Another of the CRC’s goals is the optimisation of the molecules found. "Optimised peptides are usually well tolerated because they are still very similar to the body's own structures," says Kirchhoff. "In addition, they are often so small that no antibodies are produced against them." However, since much of our food also consists of proteins, many peptides are quickly proteolytically degraded in the body and excreted. The site of action is then either not reached at all, or only at low concentrations. Furthermore, peptide-based drugs cannot generally be administered orally due to their size and low stability. In addition, therapeutics often have to cross membranes in the organism, which many peptides fail to do. Several of the CRC 1279 projects are therefore aiming to stabilise endogenous peptides and transport them specifically to their site of action.

So-called G protein-coupled receptors (GPCRs) are an important group of membrane proteins in humans. These are often targeted by peptides and are the target of about 40 percent of all drugs. GPCRs play an important role in inflammatory processes and are overexpressed on many cancer cells. Since many cancer therapeutics, such as those used for chemotherapy, act quite non-specifically and therefore cause severe side effects, more specific targeting of cancer cells is of particular interest. Promising individual projects in the CRC aim to develop peptide-drug combinations to selectively bind receptors that are overexpressed in tumours. This approach has huge potential both for the faster diagnosis of cancer and for cancer therapy.

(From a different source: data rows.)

(* For all natural numbers $a,b$: - $O_{a+b}\prec E_{a+b}$; - $E_aO_b\prec E_{a+b}$; - $O_aE_b\prec E_{a+b}$; - $O_aO_b\prec O_{a+b}\prec E_aE_b$.
   Context: For natural numbers $c$, $E_c,O_c\in\mathbb{R}[x]$ are defined by $(u+1)^c=E_c(u^2)+uO_c(u^2)$. Relation $\prec$: for $A,B\in\mathbb{R}[x]$ with only real zeros, with zeros $\xi_1\le\cdots\le\xi_a$ of $A$ and $\theta_1\le\cdots\le\theta_b$ of $B$, $A\prec B$ means one of the following: - $\deg B=\deg A+1$ and $\theta_1\le\xi_1\le\theta_2\le\cdots\le\xi_a\le\theta_{a+1}$; - $\deg A=\deg B$ and $\xi_1\le\theta_1\le\cdots\le\xi_a\le\theta_a$. By convention $A\prec0$ and $0\prec A$ for any polynomial $A$ with only real zeros. *)

From HB Require Import structures.
From mathcomp Require Import all_boot all_order all_algebra.
From mathcomp Require Import reals.
Set Implicit Arguments. Unset Strict Implicit. Unset Printing Implicit Defensive.
Import Order.TTheory GRing.Theory Num.Theory.
Local Open Scope ring_scope.

Section Defs.
Variable R : realType.

(* (u+1)^c = E_c(u^2) + u O_c(u^2): E_c / O_c are the even / odd parts of
   (X+1)^c, in the sense of MathComp's even_poly / odd_poly, which satisfy
   p = even_poly p \Po 'X^2 + 'X * (odd_poly p \Po 'X^2). *)
Definition Epoly (c : nat) : {poly R} := even_poly (('X + 1) ^+ c).
Definition Opoly (c : nat) : {poly R} := odd_poly (('X + 1) ^+ c).

Definition zeros_of (p : {poly R}) (s : seq R) : Prop :=
  sorted <=%R s /\ p = lead_coef p *: \prod_(x <- s) ('X - x%:P).

Definition real_rooted (p : {poly R}) : Prop := exists s, zeros_of p s.

(* The interlacing relation A ≺ B of the paper, with the convention that
   A ≺ 0 and 0 ≺ A for every real-rooted A. *)
Definition prec (A B : {poly R}) : Prop :=
  real_rooted A /\ real_rooted B /\
  (A = 0 \/ B = 0 \/
   exists xi theta : seq R, zeros_of A xi /\ zeros_of B theta /\
   let a := size xi in
   ((size theta = a.+1 /\
       forall i, (i < a)%N ->
         nth 0 theta i <= nth 0 xi i /\ nth 0 xi i <= nth 0 theta i.+1)
    \/
    (size theta = a /\
       (forall i, (i < a)%N -> nth 0 xi i <= nth 0 theta i) /\
       (forall i, (i.+1 < a)%N -> nth 0 theta i <= nth 0 xi i.+1)))).

End Defs.

(* Substituting u = i tan x in (u + 1)^c gives
     cos^c x * E_c(-tan^2 x) = cos (c x),   cos^c x * tan x * O_c(-tan^2 x) = sin (c x),
   so E_c and O_c split with the simple zeros node c k = -tan^2 (k pi / 2c), 0 <= k < c,
   k odd for E_c and k even and positive for O_c.  These points decrease in k, and
   node c k <= y iff k >= ceil (c t) for a threshold t = t(y) in [0, 1] that does not
   depend on c.  Hence the number of zeros <= y of each polynomial is the number of odd,
   resp. positive even, integers in [ceil (c t), c), and because
   ceil (a t) + ceil (b t) - ceil ((a + b) t) is 0 or 1, the counting functions of the
   two sides of each relation differ by at most one in the right direction, which for
   sorted zero lists is exactly interlacing. *)
From HB Require Import structures.
From mathcomp Require Import all_boot all_order all_algebra.
From mathcomp Require Import reals trigo.
From mathcomp Require Import ring lra zify.
Import Order.TTheory GRing.Theory Num.Theory.
Set Implicit Arguments. Unset Strict Implicit. Unset Printing Implicit Defensive.
Local Open Scope ring_scope.

Lemma all_roots_prod_XsubC_leq (F : fieldType) (p : {poly F}) (rs : seq F) :
  p != 0 -> (size p <= (size rs).+1)%N -> all (root p) rs -> uniq rs ->
  p = lead_coef p *: \prod_(z <- rs) ('X - z%:P).
Proof.
move=> p0 sp rootp urs; apply: all_roots_prod_XsubC; rewrite ?uniq_rootsE //.
by apply/eqP; rewrite eqn_leq sp max_poly_roots.
Qed.

Lemma size_exp_Xadd1 (R : nzRingType) c : size (('X + 1) ^+ c : {poly R}) = c.+1.
Proof. by rewrite -[1]opprK -polyCN size_exp_XsubC. Qed.

Lemma count_leq_iota m s n : count (leq m) (iota s n) = (s + n - maxn s m)%N.
Proof. by elim: n s => [|n IHn] s /=; [lia | rewrite IHn; case: leqP; lia]. Qed.

Section Ceiln.
Variable R : archiRealDomainType.
Implicit Types x y : R.

Definition ceiln x : nat := `|Num.ceil x|%N.

Lemma ceiln_le_nat x k : 0 <= x -> (ceiln x <= k)%N = (x <= k%:R).
Proof.
move=> x0; rewrite -lez_nat gez0_abs ?ceil_le_int //.
by rewrite ceil_ge0 (lt_le_trans _ x0) // ltrN10.
Qed.

Lemma ceiln_ge x : 0 <= x -> x <= (ceiln x)%:R.
Proof. by move=> x0; rewrite -ceiln_le_nat. Qed.

Lemma ceiln_gtB1 x : 0 <= x -> (ceiln x)%:R - 1 < x.
Proof.
move=> x0; case: (ceiln x) (ceiln_le_nat (ceiln x).-1 x0) => [_|k].
  by rewrite sub0r (lt_le_trans _ x0) ?ltrN10.
by rewrite ltnn -natr1 addrK => /esym/negbT; rewrite -ltNge.
Qed.

Lemma le_ceiln x y : 0 <= x -> x <= y -> (ceiln x <= ceiln y)%N.
Proof.
move=> x0 xy; rewrite ceiln_le_nat // (le_trans xy) // ceiln_ge //.
exact: le_trans xy.
Qed.

Lemma ceilnD_le x y : 0 <= x -> 0 <= y -> (ceiln (x + y) <= ceiln x + ceiln y)%N.
Proof. by move=> x0 y0; rewrite ceiln_le_nat ?addr_ge0 // natrD lerD ?ceiln_ge. Qed.

Lemma ceilnD_ge x y : 0 <= x -> 0 <= y -> (ceiln x + ceiln y <= (ceiln (x + y)).+1)%N.
Proof.
move=> x0 y0; rewrite leqNgt -(ler_nat R) natrD -!natr1.
have := ceiln_gtB1 x0; have := ceiln_gtB1 y0; have := ceiln_ge (addr_ge0 x0 y0).
rewrite -ltNge; lra.
Qed.

End Ceiln.

Section EvenOddZeros.
Variable R : realType.

Definition count_le (s : seq R) (y : R) : nat := count (fun x => x <= y) s.

Lemma count_le_cat (s1 s2 : seq R) y :
  count_le (s1 ++ s2) y = (count_le s1 y + count_le s2 y)%N.
Proof. exact: count_cat. Qed.

Lemma count_le_sort (s : seq R) y : count_le (sort <=%R s) y = count_le s y.
Proof. exact: count_sort. Qed.

Lemma nth_le_count (s : seq R) i y : sorted <=%R s -> (i < size s)%N ->
  (nth 0 s i <= y) = (i < count_le s y)%N.
Proof.
elim: s i => [//|x s IHs] i /= xs; have xmin := order_path_min le_trans xs.
have [xy|yx] := leP x y.
  case: i => [|i] /= ilt; first by rewrite xy.
  by rewrite add1n ltnS IHs ?(path_sorted xs).
have -> : count_le s y = 0%N.
  apply/eqP; rewrite -leqn0 leqNgt -has_count; apply/hasPn => z /(allP xmin) xz.
  by rewrite -ltNge (lt_le_trans yx).
move=> ilt; rewrite leNgt (lt_le_trans yx) //.
by case: i ilt => [|i] //=; rewrite ltnS => ilt; apply/(allP xmin)/mem_nth.
Qed.

Lemma ltn_count_nth (s : seq R) i : sorted <=%R s -> (i < size s)%N ->
  (i < count_le s (nth 0%R s i))%N.
Proof. by move=> ss si; rewrite -nth_le_count. Qed.

Lemma Epoly0 : Epoly R 0 = 1.
Proof. by rewrite /Epoly expr0 -polyC1 even_polyC. Qed.

Lemma Opoly0 : Opoly R 0 = 0.
Proof. by rewrite /Opoly expr0 -polyC1 odd_polyC. Qed.

Lemma Epoly_succ c : Epoly R c.+1 = Epoly R c + 'X * Opoly R c.
Proof.
by rewrite /Epoly /Opoly exprSr mulrDr mulr1 even_polyD even_polyMX addrC mulrC.
Qed.

Lemma Opoly_succ c : Opoly R c.+1 = Epoly R c + Opoly R c.
Proof. by rewrite /Epoly /Opoly exprSr mulrDr mulr1 odd_polyD odd_polyMX. Qed.

Lemma Epoly_horner0 c : (Epoly R c).[0] = 1.
Proof.
elim: c => [|c IHc]; first by rewrite Epoly0 hornerC.
by rewrite Epoly_succ hornerD hornerM hornerX mul0r addr0.
Qed.

Lemma Opoly_horner0 c : (Opoly R c).[0] = c%:R.
Proof.
elim: c => [|c IHc]; first by rewrite Opoly0 horner0.
by rewrite Opoly_succ hornerD Epoly_horner0 IHc addrC natr1.
Qed.

Lemma horner_EOpoly_tan c x : cos x != 0 ->
  (Epoly R c).[- tan x ^+ 2] * cos x ^+ c = cos (c%:R * x) /\
  (Opoly R c).[- tan x ^+ 2] * cos x ^+ c * tan x = sin (c%:R * x).
Proof.
move=> cx0; elim: c => [|c [IHE IHO]].
  by rewrite Epoly0 Opoly0 hornerC horner0 !mul0r cos0 sin0 !mulr1.
rewrite Epoly_succ Opoly_succ hornerD hornerM hornerX hornerD.
rewrite -natr1 (mulrDl _ _ x) mul1r cosD sinD -IHE -IHO [cos x ^+ c.+1]exprSr.
set e := (Epoly R c).[_]; set o := (Opoly R c).[_].
by rewrite /tan; split; field.
Qed.

Lemma sin_natr_pi (j : nat) : sin (j%:R * pi) = 0 :> R.
Proof.
by rewrite mulr_natl -[_ *+ _]add0r alternatingn; [rewrite sin0 mulr0 | exact: sinDpi].
Qed.

Lemma pihalf_gt0 : 0 < pi / 2 :> R.
Proof. by rewrite divr_gt0 ?pi_gt0. Qed.

Definition node_angle (c k : nat) : R := k%:R * (pi / 2) / c%:R.

Definition node (c k : nat) : R := - tan (node_angle c k) ^+ 2.

Lemma mulr_node_angle c k : (0 < c)%N -> c%:R * node_angle c k = k%:R * (pi / 2).
Proof. by move=> c0; rewrite /node_angle mulrC divfK // pnatr_eq0 -lt0n. Qed.

Lemma node_angle_itv c k : (k < c)%N -> 0 <= node_angle c k < pi / 2.
Proof.
move=> kc; have c0 : 0 < c%:R :> R by rewrite ltr0n; lia.
have kc1 : k%:R / c%:R < 1 :> R by rewrite ltr_pdivrMr // mul1r ltr_nat.
have P0 := pihalf_gt0.
rewrite /node_angle mulrAC mulr_ge0 ?(ltW P0) ?divr_ge0 //=.
by rewrite -[X in _ < X]mul1r ltr_pM2r.
Qed.

Lemma node_angle_in_tan_dom c k : (k < c)%N ->
  node_angle c k \in `](- (pi / 2)), (pi / 2)[.
Proof.
move=> /node_angle_itv /andP[t0 t1]; rewrite in_itv /= t1 andbT.
by apply: lt_le_trans t0; rewrite oppr_lt0 pihalf_gt0.
Qed.

Lemma cos_node_angle_gt0 c k : (k < c)%N -> 0 < cos (node_angle c k).
Proof. by move=> /node_angle_in_tan_dom; rewrite in_itv; apply: cos_gt0_pihalf. Qed.

Lemma tan_node_angle_ge0 c k : (k < c)%N -> 0 <= tan (node_angle c k).
Proof.
move=> kc; have /andP[t0 t1] := node_angle_itv kc.
rewrite /tan divr_ge0 ?(ltW (cos_node_angle_gt0 kc)) // sin_ge0_pi // t0 /=.
by apply: le_trans (ltW t1) _; have := pi_gt0 R; lra.
Qed.

Lemma node_inj c k1 k2 : (k1 < c)%N -> (k2 < c)%N -> node c k1 = node c k2 -> k1 = k2.
Proof.
move=> k1c k2c /eqP; rewrite /node eqr_opp eqrXn2 ?tan_node_angle_ge0 // => /eqP.
move=> /(tan_inj (node_angle_in_tan_dom k1c) (node_angle_in_tan_dom k2c)).
move=> /(congr1 (fun t => c%:R * t)); rewrite !mulr_node_angle; try lia.
by move=> /(mulIf (lt0r_neq0 pihalf_gt0))/eqP; rewrite eqr_nat => /eqP.
Qed.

The chemokine receptors CCR5 and CXCR4 are also essential co-factors in HIV infections. Kirchhoff worked with Prof. Dr. Jan Münch and other colleagues to use HI viruses to discover new ligands of these GPCRs. They discovered peptides that bind to CXCR4 or CCR5 and prevent the AIDS virus from entering the target cell. "The connection with cancer came from the receptors used by HIV to enter cells, which also play an essential role in immune responses and cancer," Kirchhoff says. The majority of all tumours are CXCR4-positive. The CXCR4 receptor is, for example, involved, in the growth and metastatic spread of tumours. CRC researchers isolated EPI-X4 (endogenous CXCR4 peptide inhibitor) from the peptide library. EPI-X4 is a natural antagonist of CXCR4. It results from the cleavage of human serum albumin and switches off the receptor. In preclinical studies, optimised EPI-X4 derivatives have shown promising effects against cancer cell proliferation and inflammatory processes. Other viruses, including the coronavirus, use similar entry mechanisms to HIV, and some peptides could potentially show broad antiviral activity against multiple types of virus.

The body's own peptides are very attractive as bioactive substances because, when optimised synthetically, they can potentially be applied to new indications. Thirty to fifty bioactive peptide compounds have already been identified in the first phase of the CRC. In the next phase, which is about to begin, one of the aims is to biochemically characterise these peptides in detail, synthesise them and ultimately optimise them pharmacologically to make them suitable for possible therapies. For this purpose, endogenous peptides usually have to be made more stable or more available to make them interesting for therapeutic or diagnostic applications. Numerous variants of an original peptide are often produced for this purpose. "This gives you some to several hundred variants that you can test to find out which properties make the peptide better," the researcher explains.

One option to prevent degradation of the peptides by enzymes is to incorporate the more stable, mirror-inverted D amino acid variant instead of the L amino acid. Likewise, lipidation can be carried out by adding fatty acids and methylation can be used to protect the amide groups. Nanotransport systems made of silica particles are also being tested to see if one can protect the peptides and deliver them specifically to their target tissue. "In some cases, we have already successfully increased the activity of endogenous peptides by a factor of 100 to 1,000," Kirchhoff says, clearly enthusiastic about what has been achieved.